The Object-Oriented Development Process

The object-oriented (OO) approach to design and programming, which was introduced in the 1980s, represents a major paradigm shift in software development. This approach will continue to have a major effect in software for many years . Different from traditional programming, which separates data and control, object-oriented programming is based on objects, each of which is a set of defined data and a set of operations ( methods ) that can be performed on that data. Like the paradigm of structural design and functional decomposition, the object-oriented approach has become a major cornerstone of software engineering. In the early days of OO technology deployment (from late 1980s to mid 1990s), much of the OO literature concerned analysis and design methods; there was little information about OO development processes.

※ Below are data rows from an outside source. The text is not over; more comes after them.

Theorem proposition3 (R : realType) (n : nat) (S : finType) (A : 'I_n -> finType) :
  (* infinite horizon, time-independent P and r, discount 0 <= gamma < 1 *)
  (forall (gamma eps : R) (P : S -> joint A -> S -> R)
          (r : 'I_n -> S -> joint A -> R) (pi : policy R S A),
     0 <= gamma < 1 ->
     (forall s a, is_dist (P s a)) ->
     zs_NMG predT (fun _ => P) (fun _ => r) gamma ->
     valid_policy predT pi ->
     is_CCE (Vinf (fun _ => P) (fun _ => r) gamma) predT eps pi ->
     is_NE (Vinf (fun _ => P) (fun _ => r) gamma) predT
           ((n.+1)%:R * eps / (1 - gamma)) (prod_marg pi))
  /\
  (* finite horizon H (steps 0 .. H-1) *)
  (forall (H : nat) (gamma eps : R) (P : trans R S A) (r : reward R S A)
          (pi : policy R S A),
     0 <= gamma <= 1 ->
     (forall h, (h < H)%N -> forall s a, is_dist (P h s a)) ->
     zs_NMG (fun h => (h < H)%N) P r gamma ->
     valid_policy (fun h => (h < H)%N) pi ->
     is_CCE (Vfin H P r gamma) (fun h => (h < H)%N) eps pi ->
     is_NE (Vfin H P r gamma) (fun h => (h < H)%N)
           ((n.+1)%:R * H%:R * eps) (prod_marg pi)).
Proof.
split.
- move=> gamma eps P r pi gamma01 P_dist nmg pi_valid cce.
  split=> [i mu mu_valid rho rho_dist h _|]; last exact: prod_marg_is_product.
  pose M := \big[Order.max/0]_(u : 'I_n * S * joint A) `|r u.1.1 u.1.2 u.2|.
  have r_le (t : nat) j s a : `|r j s a| <= M.
    exact: (le_bigmax _ (fun u : 'I_n * S * joint A => `|r u.1.1 u.1.2 u.2|) (j, s, a)).
  have [gap eps_ge0] := Vinf_prod_marg_gap (fun _ => P_dist) h gamma01 r_le nmg
    pi_valid cce mu_valid rho_dist.
  apply: le_trans gap _; case/andP: gamma01 => gamma_ge0 gamma_lt1.
  rewrite ler_pdivlMr ?subr_gt0 // -addn1 natrD.
  have : 0 <= n%:R * eps * gamma by rewrite !mulr_ge0.
  lra.
- move=> H gamma eps P r pi _ _ nmg pi_valid cce.
  split=> [i mu mu_valid rho rho_dist h hH|]; last exact: prod_marg_is_product.
  have [gap eps_ge0] := Vfin_prod_marg_gap nmg pi_valid cce mu_valid rho_dist hH.
  apply: le_trans gap _.
  have H_ge1 : 1 <= H%:R :> R by rewrite ler1n (leq_ltn_trans _ hH).
  have : 0 <= n.+1%:R * eps * (H%:R - 1) by rewrite !mulr_ge0 ?subr_ge0.
  rewrite -addn1 natrD; nra.
Qed.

In recent years the object-oriented technology has been widely accepted and object-oriented development is now so pervasive that there is no longer a question of its viability.

Branson and Herness (1992) proposed an OO development process for large-scale projects that centers on an eight-step methodology supported by a mechanism for tracking, a series of inspections, a set of technologies, and rules for prototyping and testing.

The eight-step process is divided into three logical phases:

  1. The analysis phase focuses on obtaining and representing customers' requirements in a concise manner, to visualize an essential system that represents the users' requirements regardless of which implementation platform (hardware or software environment) is developed.
  2. The design phase involves modifying the essential system so that it can be implemented on a given set of hardware and software. Essential classes and incarnation classes are combined and refined into the evolving class hierarchy. The objectives of class synthesis are to optimize reuse and to create reusable classes.
  3. The implementation phase takes the defined classes to completion.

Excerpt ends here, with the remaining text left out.